• **AIM OF THE EXERCISE**:
Search the data for the string "with" and copy each line where it turns up.

• **DATA FOR THIS TASK**:
(* If a graph $G$ has a $\gamma$-set $D$ such that $\gamma(G-x)>\gamma(G)$ for every $x\in D$, then $\gamma(G)=\gamma_{\rm cer}(G)$.
   Context: All graphs are finite and simple; $G-x$ denotes the graph obtained by deleting vertex $x$. A set $D\subseteq V_G$ is a dominating set of $G$ if every vertex of $V_G-D$ has a neighbor in $D$; $\gamma(G)$ is the minimum cardinality of a dominating set, and a $\gamma$-set is a dominating set of cardinality $\gamma(G)$. A set $D\subseteq V_G$ is a certified dominating set of $G$ if $D$ is a dominating set of $G$ and every vertex of $D$ has either zero or at least two neighbors in $V_G-D$; $\gamma_{\rm cer}(G)$ is the minimum cardinality of a certified dominating set of $G$. *)

(* A finite simple graph is a symmetric irreflexive relation
   [e] on a finType [T]. Domination is defined relative to a vertex set [V],
   so that G - x is the subgraph induced by V :\ x. *)
From mathcomp Require Import all_boot.
Set Implicit Arguments. Unset Strict Implicit. Unset Printing Implicit Defensive.

Definition simple_graph (T : finType) (e : rel T) : Prop :=
  symmetric e /\ irreflexive e.

Definition nbhd (T : finType) (e : rel T) (V : {set T}) (v : T) : {set T} :=
  [set u in V | e v u].

Definition dominating (T : finType) (e : rel T) (V D : {set T}) : bool :=
  (D \subset V) && [forall v in V :\: D, [exists u in D, e v u]].

Definition certified_dominating (T : finType) (e : rel T) (V D : {set T}) : bool :=
  dominating e V D &&
  [forall v in D, (#|nbhd e (V :\: D) v| == 0) || (2 <= #|nbhd e (V :\: D) v|)].

Lemma dominating_self (T : finType) (e : rel T) (V : {set T}) : dominating e V V.
Proof.
  rewrite /dominating subxx /=; apply/forall_inP => v; by rewrite setDv inE.
Qed.

Lemma certified_dominating_self (T : finType) (e : rel T) (V : {set T}) :
  certified_dominating e V V.
Proof.
  rewrite /certified_dominating dominating_self /=.
  apply/forall_inP => v _; apply/orP; left.
  rewrite cards_eq0; apply/eqP; apply/setP => u.
  by rewrite !inE andNb.
Qed.

Definition gamma (T : finType) (e : rel T) (V : {set T}) : nat :=
  #|[arg min_(D < V | dominating e V D) #|D|]|.

Definition gamma_cer (T : finType) (e : rel T) (V : {set T}) : nat :=
  #|[arg min_(D < V | certified_dominating e V D) #|D|]|.

(** If some vertex [v] of a minimum dominating set [D] had exactly one
    neighbour [u] outside [D], then [u] would take over the role of [v]:
    [(D - v) + u] dominates [G - v], so removing [v] would not raise the
    domination number.  Hence [D] is itself certified, giving
    [gamma_cer <= gamma]; the reverse inequality holds because every certified
    dominating set is dominating. *)
From mathcomp Require Import all_boot.
Set Implicit Arguments. Unset Strict Implicit. Unset Printing Implicit Defensive.

Section Domination.

Variables (T : finType) (e : rel T).

Lemma gamma_min V D : dominating e V D -> gamma e V <= #|D|.
Proof.
move=> domD; rewrite /gamma.
by case: arg_minnP => [|A _ minA]; [exact: dominating_self | exact: minA].
Qed.

Lemma gamma_cer_min V D : certified_dominating e V D -> gamma_cer e V <= #|D|.
Proof.
move=> cerD; rewrite /gamma_cer.
by case: arg_minnP => [|A _ minA]; [exact: certified_dominating_self | exact: minA].
Qed.

Lemma gamma_cer_witness V :
  exists2 D, certified_dominating e V D & #|D| = gamma_cer e V.
Proof.
rewrite /gamma_cer.
by case: arg_minnP => [|A cerA _]; [exact: certified_dominating_self | exists A].
Qed.

Lemma certified_dominatingW V D : certified_dominating e V D -> dominating e V D.
Proof. by case/andP. Qed.

Lemma gamma_le_gamma_cer V : gamma e V <= gamma_cer e V.
Proof.
have [D /certified_dominatingW domD <-] := gamma_cer_witness V.
exact: gamma_min.
Qed.

Hypothesis e_sym : symmetric e.

Lemma dominating_swap_private V D v u :
  dominating e V D -> v \in D -> nbhd e (V :\: D) v = [set u] ->
  dominating e (V :\ v) (u |: (D :\ v)).
Proof.
case/andP=> /subsetP DV /forall_inP domD vD Nv.
have : u \in nbhd e (V :\: D) v by rewrite Nv set11.
rewrite !inE => /andP [/andP [uD uV] _].
have uv : u != v by apply: contraNneq uD => ->.
apply/andP; split.
  apply/subsetP => w; rewrite !inE => /orP [/eqP -> | /andP [wv /DV wV]].
    by rewrite uv uV.
  by rewrite wv.
apply/forall_inP => w; rewrite !inE negb_or negb_and negbK.
case/andP=> /andP [wu /orP [/eqP wv | wD]] /andP [wv' wV].
  by rewrite wv eqxx in wv'.
have /exists_inP [d dD ewd] : [exists d in D, e w d] by apply: domD; rewrite inE wD.
have dv : d != v.
  apply: contraNneq wu => dv; subst d.
  have : w \in nbhd e (V :\: D) v by rewrite !inE wD wV e_sym.
  by rewrite Nv inE.
by apply/exists_inP; exists d; rewrite // !inE dv dD orbT.
Qed.

Lemma critical_dominating_certified V D :
  dominating e V D -> (forall v, v \in D -> #|D| < gamma e (V :\ v)) ->
  certified_dominating e V D.
Proof.
move=> domD critD; rewrite /certified_dominating domD /=.
apply/forall_inP => v vD; set N := nbhd e (V :\: D) v.
case: (ltngtP #|N| 1) => [|_|one]; [by rewrite orbF ltnS leqn0 | by rewrite orbT |].
have [u Nv] : exists u, N = [set u] by apply/cards1P; rewrite one.
have swap_card : #|u |: (D :\ v)| <= #|D|.
  by rewrite cardsU1 (cardsD1 v D) vD leq_add2r leq_b1.
have := leq_trans (gamma_min (dominating_swap_private domD vD Nv)) swap_card.
by rewrite leqNgt critD.
Qed.

End Domination.

Theorem corollary2p5 (T : finType) (e : rel T) :
  simple_graph e ->
  (exists D : {set T},
      dominating e [set: T] D /\ #|D| = gamma e [set: T] /\
      (forall x, x \in D -> gamma e [set: T] < gamma e ([set: T] :\ x))) ->
  gamma e [set: T] = gamma_cer e [set: T].
Proof.
move=> [e_sym _] [D [domD [cardD critD]]].
apply/eqP; rewrite eqn_leq gamma_le_gamma_cer -cardD.
apply: gamma_cer_min; apply: critical_dominating_certified => //.
by rewrite cardD.
Qed.
Lemma seg_u_near_tb s y : Iopen tb s -> on_seg s y ->
  Rabs (seg_u s y - p1 tb) <= 12 * Lp * (tb - seg_t s y).
Proof.
  intros Hs Hy. assert (Cs := Iopen_closed s Hs). destruct (seg_ends_sign s Hs).
  destruct (seg_t_bounds s y Hs Hy) as [_ [k _]].
  assert (Hj := seg_jump s Cs). assert (Hm := Rmin_r s (tb - s)).
  generalize (lam_bilip s tb Cs Iclosed_tb ltac:(unfold Iopen in Hs; lra)).
  rewrite lam_tb. intros hl.
  assert (Rabs (p2 (lam s) - p2 tb) <= 11 / 9 * Lp * (tb - s)).
  { generalize (Hp2l (lam s) tb (lam_closed s Cs) Iclosed_tb).
    rewrite (Rabs_left1 (lam s - tb)) by lra. intros. nra. }
  assert (Rabs ((g2 (lam s) - y) * (p1 s - p2 (lam s)) / (g2 (lam s) - g1 s))
          <= Rabs (p2 (lam s) - p1 s)).
  { unfold on_seg in Hy. apply Rabs_div_le; [lra|].
    rewrite Rabs_mult, (Rabs_right (g2 (lam s) - y)), Rabs_minus_sym by lra.
    generalize (Rabs_pos (p2 (lam s) - p1 s)). nra. }
  replace (seg_u s y - p1 tb)
    with ((p2 (lam s) - p2 tb) + (g2 (lam s) - y) * (p1 s - p2 (lam s)) / (g2 (lam s) - g1 s))
    by (rewrite p1_p2_tb; unfold seg_u; field; lra).
  eapply Rle_trans; [apply Rabs_triang|]. unfold Iopen in Hs. nra.
Qed.

(** * The solution *)

Definition seg_param (s y t : R) : Prop := Iopen tb s /\ on_seg s y /\ seg_t s y = t.

(* By seg_t_inj the segment through (y, t) is unique when it exists.  The only points
   of the closure of D on no segment are the corners (0, 0) and (0, tb). *)
Definition u (y t : R) : R :=
  match excluded_middle_informative (exists s, seg_param s y t) with
  | left _ => seg_u (epsilon (inhabits 0) (fun s => seg_param s y t)) y
  | right _ => phi y t
  end.

Lemma u_param s y t : seg_param s y t -> u y t = seg_u s y.
Proof.
  intros Hw. unfold u. destruct excluded_middle_informative as [h | h].
  - assert (Hw' := epsilon_spec (inhabits 0) (fun s => seg_param s y t) h).
    destruct Hw as [o1 [a1 e1]]. destruct Hw' as [o2 [a2 e2]].
    f_equal. apply (seg_t_inj _ _ y o2 o1 a2 a1). congruence.
  - exfalso. apply h. exists s. auto.
Qed.

Lemma u_no_param y t : ~ (exists s, seg_param s y t) -> u y t = phi y t.
Proof. intros h. unfold u. destruct excluded_middle_informative; tauto. Qed.

Lemma u_corner_0 : u 0 0 = p1 0.
Proof.
  rewrite u_no_param, <- Hphi1, Hg10; auto.
  intros [s [Hs [Hy Ht]]]. generalize (seg_t_in_I s 0 Hs Hy). unfold Iopen. lra.
Qed.

Lemma u_corner_tb : u 0 tb = p1 tb.
Proof.
  rewrite u_no_param, <- Hphi1, Hg1tb; auto.
  intros [s [Hs [Hy Ht]]]. generalize (seg_t_in_I s 0 Hs Hy). unfold Iopen. lra.
Qed.

Lemma param_g1 s : Iopen tb s -> seg_param s (g1 s) s.
Proof.
  intros Hs. split; auto. split; [|apply seg_t_at_g1; auto].
  unfold on_seg. generalize (seg_ends_sign s Hs). lra.
Qed.

Lemma param_g2 s : Iopen tb s -> seg_param s (g2 (lam s)) (lam s).
Proof.
  intros Hs. split; auto. split; [|apply seg_t_at_g2; auto].
  unfold on_seg. generalize (seg_ends_sign s Hs). lra.
Qed.

Lemma closure_points y t : closureW (domD tb g1 g2) y t ->
  (y = 0 /\ t = 0) \/ (y = 0 /\ t = tb) \/ exists s, seg_param s y t.
Proof.
  intros Hc. destruct (closure_domD_inv y t Hc) as [Ht [Hy1 Hy2]].
  destruct (Req_dec t 0) as [-> | E0]; [rewrite Hg10, Hg20 in *; left; split; lra|].
  destruct (Req_dec t tb) as [-> | Etb]; [rewrite Hg1tb, Hg2tb in *; right; left; split; lra|].
  right; right. assert (Ot : Iopen tb t) by (unfold Iopen, Iclosed in *; lra).
  destruct (Req_dec y (g1 t)) as [-> | e1]; [exists t; apply param_g1; auto|].
  destruct (Req_dec y (g2 t)) as [-> | e2].
  - destruct (lam_onto_open t Ot) as [s [Os <-]]. exists s. apply param_g2; auto.
  - destruct (seg_cover y t ltac:(split; auto; lra)) as [s [Os [Hy Es]]].
    exists s. split; auto. split; auto. unfold on_seg. lra.
Qed.

Lemma u_boundary y t : bdryW (domD tb g1 g2) y t -> u y t = phi y t.
Proof.
  intros Hb. destruct (bdry_domD_cases y t Hb) as [[-> ->] | [[-> ->] | [Ot [-> | ->]]]].
  - rewrite u_corner_0, <- Hphi1, Hg10. reflexivity.
  - rewrite u_corner_tb, <- Hphi1, Hg1tb. reflexivity.
  - rewrite (u_param t _ t (param_g1 t Ot)), Hphi1. destruct (seg_ends_sign t Ot).
    unfold seg_u. rewrite Rminus_diag. field. lra.
  - destruct (lam_onto_open t Ot) as [s [Os <-]].
    rewrite (u_param s _ _ (param_g2 s Os)), Hphi2. destruct (seg_ends_sign s Os).
    unfold seg_u. field. lra.
Qed.

Lemma u_near_corners y t : closureW (domD tb g1 g2) y t ->
  Rabs (u y t - p1 0) <= 12 * Lp * t /\ Rabs (u y t - p1 tb) <= 12 * Lp * (tb - t).
Proof.
  intros Hc. assert (Hends : Rabs (p1 0 - p1 tb) <= 12 * Lp * tb).
  { generalize (Hp1l 0 tb Iclosed_0 Iclosed_tb).
    rewrite Rminus_0_l, Rabs_Ropp, (Rabs_right tb) by lra.
    nra. }
  destruct (closure_points y t Hc) as [[-> ->] | [[-> ->] | [s Hw]]].
  - rewrite u_corner_0, Rminus_diag, Rabs_R0. split; lra.
  - rewrite u_corner_tb, Rminus_diag, Rabs_R0, Rabs_minus_sym. split; lra.
  - rewrite (u_param s y t Hw). destruct Hw as [Os [Hy <-]].
    generalize (seg_u_near_0 s y Os Hy) (seg_u_near_tb s y Os Hy) (seg_t_in_I s y Os Hy).
    unfold Iopen. intros. split; nra.
Qed.

Lemma u_lip_corner y t y' t' : closureW (domD tb g1 g2) y t -> y' = 0 -> t' = 0 \/ t' = tb ->
  Rabs (u y t - u y' t') <= 12 * Lp * Rabs (t - t').
Proof.
  intros Hc -> Ht'. destruct (closure_domD_inv y t Hc) as [Ht _]. unfold Iclosed in Ht.
  destruct (u_near_corners y t Hc) as [k0 ktb].
  destruct Ht' as [-> | ->].
  - rewrite u_corner_0, Rminus_0_r, (Rabs_right t) by lra. lra.
  - rewrite u_corner_tb, (Rabs_left1 (t - tb)) by lra. lra.
Qed.

Lemma u_lipschitz : exists L, forall y t y' t',
  closureW (domD tb g1 g2) y t -> closureW (domD tb g1 g2) y' t' ->
  Rabs (u y t - u y' t') <= L * distW y t y' t'.
Proof.
  exists (2 * lip_const + 12 * Lp). intros y t y' t' Hc Hc'.
  destruct (distW_ge y t y' t') as [dy dt]. set (d := distW y t y' t') in *.
  assert (Hd : 0 <= d) by (generalize (Rabs_pos (y - y')); lra).
  assert (Hcorner : 12 * Lp * Rabs (t - t') <= (2 * lip_const + 12 * Lp) * d).
  { generalize lip_const_nonneg (Rmult_le_compat_l (12 * Lp) _ _ ltac:(lra) dt). nra. }
  destruct (closure_points y t Hc) as [[-> ->] | [[-> ->] | [s Hw]]];
    [ rewrite Rabs_minus_sym; rewrite Rabs_minus_sym in Hcorner;
      eapply Rle_trans; [apply u_lip_corner; auto | exact Hcorner] .. |].
  destruct (closure_points y' t' Hc') as [[-> ->] | [[-> ->] | [s' Hw']]];
    [eapply Rle_trans; [apply u_lip_corner; auto | exact Hcorner] .. |].
  rewrite (u_param s y t Hw), (u_param s' y' t' Hw'), Rabs_minus_sym.
  destruct Hw as [Os [Hy Ht]]. destruct Hw' as [Os' [Hy' Ht']].
  eapply Rle_trans; [apply seg_u_lip; auto|].
  rewrite Ht, Ht', (Rabs_minus_sym y'), (Rabs_minus_sym t').
  generalize lip_const_nonneg (Rmult_le_compat_l lip_const _ _ lip_const_nonneg dy)
    (Rmult_le_compat_l lip_const _ _ lip_const_nonneg dt). nra.
Qed.

Lemma in_horizontal_gap s l :
  in_horizontal (p_i phi g1 s) (vsub (p_i phi g2 l) (p_i phi g1 s)) <-> horiz_gap s l = 0.
Proof.
  unfold in_horizontal, p_i, phi_i, vsub, vadd, vscale, Xf, Yf, horiz_gap.
  rewrite !Hphi1, !Hphi2. split.
  - intros [a [b E]]. injection E as e1 e2 e3.
    replace a with (p2 l - p1 s) in e3 by lra. replace b with (g2 l - g1 s) in e3 by lra. lra.
  - intros H. exists (p2 l - p1 s), (g2 l - g1 s). f_equal; [f_equal|]; lra.
Qed.

Lemma seg_point s h y : Iopen tb s -> y = (1 - h) * g1 s + h * g2 (lam s) ->
  vadd (vscale (1 - h) (p_i phi g1 s)) (vscale h (p_i phi g2 (lam s)))
  = (seg_u s y, y, seg_t s y + 2 * y * seg_u s y).
Proof.
  intros Hs Hy. destruct (seg_ends_sign s Hs).
  destruct (segment_coords (g1 s) (g2 (lam s)) (p1 s) (p2 (lam s)) s (lam s) h y ltac:(lra)
    (lam_formula s (Iopen_closed s Hs)) Hy) as [q1 q2].
  unfold p_i, phi_i, vadd, vscale, seg_u, seg_t. rewrite !Hphi1, !Hphi2, q2, q1, Hy.
  reflexivity.
Qed.

Lemma R_phi_sub_S_u p : R_phi tb g1 g2 phi p -> S_u tb g1 g2 u p.
Proof.
  intros (h & s & l & Hh & Hs & Hl & Hhor & ->).
  apply in_horizontal_gap, lam_unique in Hhor; auto. subst l.
  destruct (seg_ends_sign s Hs).
  set (y := (1 - h) * g1 s + h * g2 (lam s)).
  assert (Hy : g1 s < y < g2 (lam s)) by (unfold y; nra).
  exists y, (seg_t s y). split; [apply seg_in_D; auto|].
  rewrite (seg_point s h y Hs eq_refl), (u_param s y (seg_t s y)); [reflexivity|].
  split; auto. split; [unfold on_seg; lra | reflexivity].
Qed.

Lemma S_u_sub_R_phi p : S_u tb g1 g2 u p -> R_phi tb g1 g2 phi p.
Proof.
  intros (y & t & HD & ->). destruct (seg_cover y t HD) as (s & Hs & Hy & <-).
  destruct (seg_ends_sign s Hs).
  set (h := (y - g1 s) / (g2 (lam s) - g1 s)).
  assert (hy : y = (1 - h) * g1 s + h * g2 (lam s)) by (unfold h; field; lra).
  assert (h1 : 1 - h = (g2 (lam s) - y) / (g2 (lam s) - g1 s)) by (unfold h; field; lra).
  assert (h0 : 0 < h) by (apply Rdiv_lt_0_compat; lra).
  assert (0 < 1 - h) by (rewrite h1; apply Rdiv_lt_0_compat; lra).
  exists h, s, (lam s). split; [lra|]. split; [auto|]. split; [auto|]. split.
  - apply in_horizontal_gap, lam_spec; auto.
  - rewrite (seg_point s h y Hs hy), (u_param s y (seg_t s y)); [reflexivity|].
    split; auto. split; [unfold on_seg; lra | reflexivity].
Qed.

Lemma intrinsic_graph_solution : exists u : R -> R -> R,
  (forall p : pt3, R_phi tb g1 g2 phi p <-> S_u tb g1 g2 u p) /\
  (exists L : R, forall y t y' t',
      closureW (domD tb g1 g2) y t -> closureW (domD tb g1 g2) y' t' ->
      Rabs (u y t - u y' t') <= L * distW y t y' t') /\
  (forall y t, bdryW (domD tb g1 g2) y t -> u y t = phi y t).
Proof.
  exists u. split; [|split].
  - intros p. split; [apply R_phi_sub_S_u | apply S_u_sub_R_phi].
  - exact u_lipschitz.
  - exact u_boundary.
Qed.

• **REPLY TO THE EXERCISE**:
    with ((p2 (lam s) - p2 tb) + (g2 (lam s) - y) * (p1 s - p2 (lam s)) / (g2 (lam s) - g1 s))
  match excluded_middle_informative (exists s, seg_param s y t) with
    replace a with (p2 l - p1 s) in e3 by lra. replace b with (g2 l - g1 s) in e3 by lra. lra.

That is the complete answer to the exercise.